Many factors contribute to endemic bad bus driving, but stress, anti-social hours and low pay are chief among them. The job is difficult and unpleasant, and there is a national shortage of people willing to do it. Turnover is as high as 40 per cent a year in some places.

"Each year we look for up to 20,000 new drivers," said Peter Huntington, the chief executive of Transfed, a national training organisation for bus, coach and taxi drivers. "Bus drivers don't have the status of pilots or train drivers and shiftwork isn't everyone's cup of tea."

The average wage - after a month's training for a Passenger Carrying Vehicle licence - is £14,500, compared to £38,000 for a London Tube driver. Frequently, the main attraction is the training, which allows recruits to work as lorry drivers.

Some companies try to take on older, less aggressive drivers.

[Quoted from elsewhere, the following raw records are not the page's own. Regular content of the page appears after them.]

Lemma not_reversed_twice i a b c d :
  Dlt a d -> Dlt c b -> R i (b, a) -> R i (d, c) -> False.
Proof.
move=> ad cb ba dc; have /negP := R_irrefl i b; apply.
exact: R_trans ba (R_trans (R_of_Dlt i ad) (R_trans dc (R_of_Dlt i cb))).
Qed.

Lemma reversed_contract i a b x y : R i (b, a) -> Dlt a x -> Dlt y b -> R i (y, x).
Proof. by move=> ba ax yb; exact: R_trans (R_of_Dlt i yb) (R_trans ba (R_of_Dlt i ax)). Qed.

Lemma reversal_unique j a b i i' : swapped j a b -> R i (b, a) -> R i' (b, a) -> i = i'.
Proof.
move=> /swapped_family [x [y [<- <- sw cross]]] ri ri'.
have pair_uniq t k k' : R t (y k, x k) -> R t (y k', x k') -> k = k'.
  move=> h h'; apply/eqP; apply: contraT => kk'; exfalso.
  by apply: (not_reversed_twice (cross _ _ kk') (cross k' k _) h h'); rewrite eq_sym.
have /choice [r rP] : forall k, exists t, R t (y k, x k).
  by move=> k; exact: reversed_of_swapped (sw k).
have r_inj : injective r by move=> k k' e; apply: (pair_uniq (r k)); rewrite // e.
have [r' _ r'K] := injF_bij r_inj.
have index_of t k : R t (y k, x k) -> t = r k.
  by move=> h; have := rP (r' t); rewrite r'K => h'; rewrite -[t]r'K (pair_uniq _ _ _ h' h).
by rewrite (index_of i j ri) (index_of i' j ri').
Qed.

Lemma reversal_indep j a b c d i i' : swapped j a b -> swapped j c d ->
  R i (b, a) -> R i' (d, c) -> i = i'.
Proof.
move=> sw_ab sw_cd ri ri'.
(* (x, y) lies inside (a, b) and (x', y') outside both (x, y) and (c, d), so that
   reversing an outer pair reverses the inner one. *)
have [x [y [sw_xy ax yb cx yd]]] := swapped_inside (crd c j) (crd d j) sw_ab.
have [x' [y' [sw' x'x x'c yy' dy']]] := swapped_outside sw_xy sw_cd cx yd.
have [q rq] := reversed_of_swapped sw'.
rewrite (reversal_unique sw_xy (reversed_contract ri ax yb) (reversed_contract rq x'x yy')).
exact: reversal_unique sw_cd (reversed_contract rq x'c dy') ri'.
Qed.

Lemma exists_reversing_index j : exists i, forall a b, swapped j a b -> R i (b, a).
Proof.
have [a0 [b0 sw0]] := exists_swapped j.
have [i ri] := reversed_of_swapped sw0.
exists i => a b sw; have [i' ri'] := reversed_of_swapped sw.
by rewrite (reversal_indep sw0 sw ri ri').
Qed.

Section ReversingIndex.
Variable pi : 'I_n -> 'I_n.
Hypothesis piP : forall j a b, swapped j a b -> R (pi j) (b, a).

Lemma reversing_index_lt j a b : crd a j < crd b j -> R (pi j) (a, b).
Proof.
move=> ab_j.
have mn i : Num.min (crd a i) (crd b i) <= crd a i /\ Num.min (crd a i) (crd b i) <= crd b i.
  by rewrite !ge_min !lexx orbT.
have [|c cP] := @exists_in_box
    (fun i => if i == j then crd a j else Num.min (crd a i) (crd b i) - 1)
    (fun i => if i == j then crd b j else Num.min (crd a i) (crd b i)).
  by move=> i; case: eqP => _; lra.
apply: (R_trans (piP (_ : swapped j c a)) (R_of_Dlt _ (_ : Dlt c b))).
  split; first by have := cP j; rewrite eqxx; lra.
  by move=> i /negPf ij; have := cP i; rewrite ij; have := mn i; case; lra.
by apply/DltE => i; have := cP i; case: eqP => [->|_]; have := mn i; case; lra.
Qed.

Lemma reversing_index_coord j a b : R (pi j) (a, b) = (crd a j < crd b j).
Proof.
apply/idP/idP => [Rab|]; last exact: reversing_index_lt.
have ab : a <> b by move=> eab; move: Rab; rewrite eab (negPf (R_irrefl _ _)).
case/orP: (crd_lt_total j ab) => // /reversing_index_lt Rba.
by have := R_asym Rab; rewrite Rba.
Qed.

End ReversingIndex.

Lemma Rn_coord_perm : exists p : {perm 'I_n},
  forall j a b, R (p j) (a, b) = (crd a j < crd b j).
Proof.
have [pi piP] := choice exists_reversing_index.
have pi_inj : injective pi.
  move=> j j' e; apply/eqP; apply: contraT => jj'.
  have [a [b [ba_j ab_off]]] := exists_swapped j.
  have j'j : j' != j by rewrite eq_sym.
  have := reversing_index_coord piP j' a b.
  by rewrite -e reversing_index_coord // (lt_gtF ba_j) (ab_off _ j'j).
by exists (perm pi_inj) => j a b; rewrite permE reversing_index_coord.
Qed.

End CoordinateOrders.

Definition coord_compat (rho : {perm 'I_n}) (p q : T * T) :=
  forall j, (crd p.1 j < crd q.1 j) = (crd p.2 (rho j) < crd q.2 (rho j)).

Lemma coord_compat_forth rho s x : coherent (coord_compat rho) s ->
  exists y, coherent (coord_compat rho) ((x, y) :: s).
Proof.
move=> s_rel.
have [[y xy_s]|x_new] := pselect (exists y, (x, y) \in s).
  by exists y => p q; rewrite !inE => /predU1P[->|ps] /predU1P[->|qs]; exact: s_rel.
have s_new q : q \in s -> q.1 <> x.
  by move=> qs qx; apply: x_new; exists q.2; rewrite -qx -surjective_pairing.
pose below j := [seq crd q.2 (rho j) | q <- s & crd q.1 j < crd x j].
pose above j := [seq crd q.2 (rho j) | q <- s & crd x j < crd q.1 j].
have /choice [gap gapP] : forall j, exists lh : rat * rat,
    [/\ lh.1 < lh.2, {in below j, forall l, l <= lh.1} & {in above j, forall u, lh.2 <= u}].
  move=> j; have [|lo [hi gapP]] := @exists_gap_seq _ (below j) (above j).
    move=> _ _ /mapP [q + ->] /mapP [q' + ->].
    rewrite !mem_filter => /andP [qx qs] /andP [xq' q's].
    by rewrite -(s_rel q q' qs q's j); exact: lt_trans qx xq'.
  by exists (lo, hi).
have [|y yP] := @exists_in_box (fun m => (gap (rho^-1 m)%g).1) (fun m => (gap (rho^-1 m)%g).2).
  by move=> m; case: (gapP (rho^-1 m)%g).
have y_gap j : (gap j).1 < crd y (rho j) < (gap j).2 by have := yP (rho j); rewrite permK.
have below_y j q : q \in s -> crd q.1 j < crd x j -> crd q.2 (rho j) < crd y (rho j).
  move=> qs qx; have qb : crd q.2 (rho j) \in below j by apply: map_f; rewrite mem_filter qx.
  by have [_ /(_ _ qb) + _] := gapP j; have := y_gap j; lra.
have above_y j q : q \in s -> crd x j < crd q.1 j -> crd y (rho j) < crd q.2 (rho j).
  move=> qs xq; have qa : crd q.2 (rho j) \in above j by apply: map_f; rewrite mem_filter xq.
  by have [_ _ /(_ _ qa)] := gapP j; have := y_gap j; lra.
have compat_new q : q \in s -> coord_compat rho (x, y) q /\ coord_compat rho q (x, y).
  move=> qs; split=> j /=; case/orP: (crd_lt_total j (s_new q qs)) => [qx|xq].
  - by rewrite (lt_gtF qx) (lt_gtF (below_y j q qs qx)).
  - by rewrite xq (above_y j q qs xq).
  - by rewrite qx (below_y j q qs qx).
  - by rewrite (lt_gtF xq) (lt_gtF (above_y j q qs xq)).
exists y => p q; rewrite !inE => /predU1P[->|ps] /predU1P[->|qs].
- by move=> j; rewrite !ltxx.
- exact: (compat_new q qs).1.
- exact: (compat_new p ps).2.
- exact: s_rel.
Qed.

Lemma coord_compat_back rho s y : coherent (coord_compat rho) s ->
  exists x, coherent (coord_compat rho) ((x, y) :: s).
Proof.
pose swap (p : T * T) := (p.2, p.1).
move=> s_rel; have [|x xP] := @coord_compat_forth (rho^-1)%g (map swap s) y.
  move=> _ _ /mapP [p ps ->] /mapP [q qs ->] m /=.
  by rewrite (s_rel p q ps qs (rho^-1 m)%g) permKV.
have swap_in p : p \in (x, y) :: s -> swap p \in (y, x) :: map swap s.
  by rewrite !inE => /predU1P [->|/(map_f swap) ->]; rewrite ?eqxx ?orbT.
exists x => p q /swap_in ps /swap_in qs j.
by have /= := xP _ _ ps qs (rho j); rewrite permK.
Qed.

Lemma coord_compat_functional rho x y y' :
  coord_compat rho (x, y) (x, y') -> coord_compat rho (x, y') (x, y) -> y = y'.
Proof.
move=> /(_ i0) /= yy' /(_ i0) /= y'y; apply: (@crd_inj (rho i0)); apply/eqP.
by rewrite eq_le !leNgt -yy' -y'y ltxx.
Qed.

Lemma coord_compat_injective rho x x' y :
  coord_compat rho (x, y) (x', y) -> coord_compat rho (x', y) (x, y) -> x = x'.
Proof.
move=> /(_ i0) /= xx' /(_ i0) /= x'x; apply: (@crd_inj i0); apply/eqP.
by rewrite eq_le !leNgt x'x xx' ltxx.
Qed.

Lemma exists_aut_coord_perm (rho : {perm 'I_n}) : exists g : T -> T, bijective g /\
  forall a b j, (crd a j < crd b j) = (crd (g a) (rho j) < crd (g b) (rho j)).
Proof.
have [e e_surj] := exists_Dpt_enum.
have [g [g_bij gP]] := back_and_forth (@coord_compat_forth rho) (@coord_compat_back rho)
  (@coord_compat_functional rho) (@coord_compat_injective rho) e_surj.
by exists g.
Qed.

Lemma finvKV (g : T -> T) : bijective g -> cancel (Defs.finv g) g.
Proof.
move=> [g' _ g'K] a; rewrite /Defs.finv; case: pselect => [h|[]].
  exact: projT2 (cid h).
by exists (g' a).
Qed.

Lemma finvK (g : T -> T) : bijective g -> cancel g (Defs.finv g).
Proof. by move=> g_bij x; apply: (bij_inj g_bij); rewrite (finvKV g_bij). Qed.

Lemma finv_comp (g h : T -> T) : bijective g -> bijective h ->
  Defs.finv (g \o h) =1 Defs.finv h \o Defs.finv g.
Proof.
move=> g_bij h_bij a; apply: (bij_inj (bij_comp g_bij h_bij)).
by rewrite (finvKV (bij_comp g_bij h_bij)) /= (finvKV h_bij) (finvKV g_bij).
Qed.

Lemma logic_act_Rn g R : AutD D g -> Rn D R -> Rn D (logic_act g R).
Proof.
move=> [g_bij g_Dlt] R_Rn; split=> [i|a b].
  split=> [a|a b c|a b ab]; rewrite /logic_act /=; first exact: R_irrefl.
    exact: R_trans.
  by apply: (R_total R_Rn) => // /(congr1 g); rewrite (finvKV g_bij a) (finvKV g_bij b).
rewrite /logic_act /=; split=> [/(Dlt_of_R R_Rn)/g_Dlt|ab i].
  by rewrite (finvKV g_bij a) (finvKV g_bij b).
by apply/(R_of_Dlt R_Rn)/g_Dlt; rewrite (finvKV g_bij a) (finvKV g_bij b).
Qed.

Lemma logic_act_id R : logic_act (id : FunSp D) R = R.
Proof.
have id_bij : bijective (id : T -> T) by exists id.
by apply/funext => i; apply/funext => -[a b]; rewrite /logic_act /= !finvK.
Qed.

Lemma logic_act_comp g h R : AutD D g -> AutD D h ->
  logic_act ((g \o h) : FunSp D) R = logic_act g (logic_act h R).
Proof.
move=> [g_bij _] [h_bij _].
by apply/funext => i; apply/funext => -[a b]; rewrite /logic_act /= !(finv_comp g_bij h_bij).
Qed.

Lemma logic_act_transitive R S : Rn D R -> Rn D S ->
  exists2 g, AutD D g & logic_act g R = S.
Proof.
move=> /Rn_coord_perm [pR pRE] /Rn_coord_perm [pS pSE].
have [g [g_bij gE]] := exists_aut_coord_perm (pR * pS^-1)%g.
exists g.
  split=> // a b; rewrite !DltE; split=> [ab m|gab j]; last by rewrite gE.
  by have := ab ((pR * pS^-1)^-1 m)%g; rewrite gE permKV.
apply/funext => i; apply/funext => -[a b]; rewrite /logic_act /=.
rewrite -[in LHS](permKV pR i) -[in RHS](permKV pS i) pRE pSE gE !(finvKV g_bij).
by rewrite permM permKV.
Qed.

Lemma logic_act_continuous : {within AutD D `*` Rn D,
  continuous (fun p : FunSp D * RelSp D => logic_act p.1 p.2)}.
Proof.
apply/subspace_continuousP => -[g0 R0] [/= [g0_bij _] _]; rewrite /from_subspace /=.
apply: cvg_prod_topology => i; apply: cvg_prod_topology => -[a b]; apply/discrete_cvg.
set c := Defs.finv g0 a; set d := Defs.finv g0 b.
have near_g0 (x : T) : nbhs g0 [set g : FunSp D | g x = g0 x].
  exact: (@proj_continuous T (fun=> discrete_topology T) x g0 _ (discrete_set1 (g0 x))).
have near_R0 : nbhs R0 [set R : RelSp D | R i (c, d) = R0 i (c, d)].
  have near_R0i : nbhs (R0 i) [set r : {ptws (T * T)%type -> bool} | r (c, d) = R0 i (c, d)].
    exact: (@proj_continuous _ (fun=> bool) (c, d) (R0 i) _ (discrete_set1 _)).
  exact: (@proj_continuous 'I_n (fun=> {ptws (T * T)%type -> bool}) i R0 _ near_R0i).
exists ([set g : FunSp D | g c = g0 c /\ g d = g0 d],
        [set R : RelSp D | R i (c, d) = R0 i (c, d)]).
  by split; [exact: filterI (near_g0 c) (near_g0 d) | exact: near_R0].
move=> [g R] [/= [gc gd] Rcd] [/= [g_bij _] _]; rewrite /logic_act /=.
have finv_at x y : g x = g0 x -> g0 x = y -> Defs.finv g y = x.
  by move=> gx <-; rewrite -gx (finvK g_bij).
by rewrite (finv_at c a gc (finvKV g0_bij a)) (finv_at d b gd (finvKV g0_bij b)).
Qed.

End DensePoints.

But low wages make this hard. "Companies have difficulty recruiting drivers of the right quality or drivers at all," said Caroline Cahm, chairman of the National Federation of Bus Users. "You can say they're not getting the right incentives but the fact remains that driving buses is a nightmare."

The point on which the bus companies and passenger groups agree is that few improvements will come without help from traffic planners. In particular, they want bus lanes properly enforced and priority for buses at traffic lights.

"People say buses are unreliable and late when the bus is often just stuck in traffic," said Mike Bartlett of the Confederation of Passenger Transport, the trade association for the bus industry. "We're between a rock and a hard place until there are more bus lanes."

Mr Prescott has promised local authorities £700m over three years for "bus support measures", special lanes and traffic lights giving priority to buses. Ms Hall complained to Metroline but the company said none of its drivers had any knowledge of the incident. She is preparing a civil action.

New national codes of practice on train driver recruitment and training have been issued, said the Association of Train Operating Companies. One driver in last October's Paddington rail crash that left 31 people deadhad qualified just 13 days before, though a Health and Safety Executive interim report did not doubt his suitability. The public inquiry into the disaster opens on Wednesday.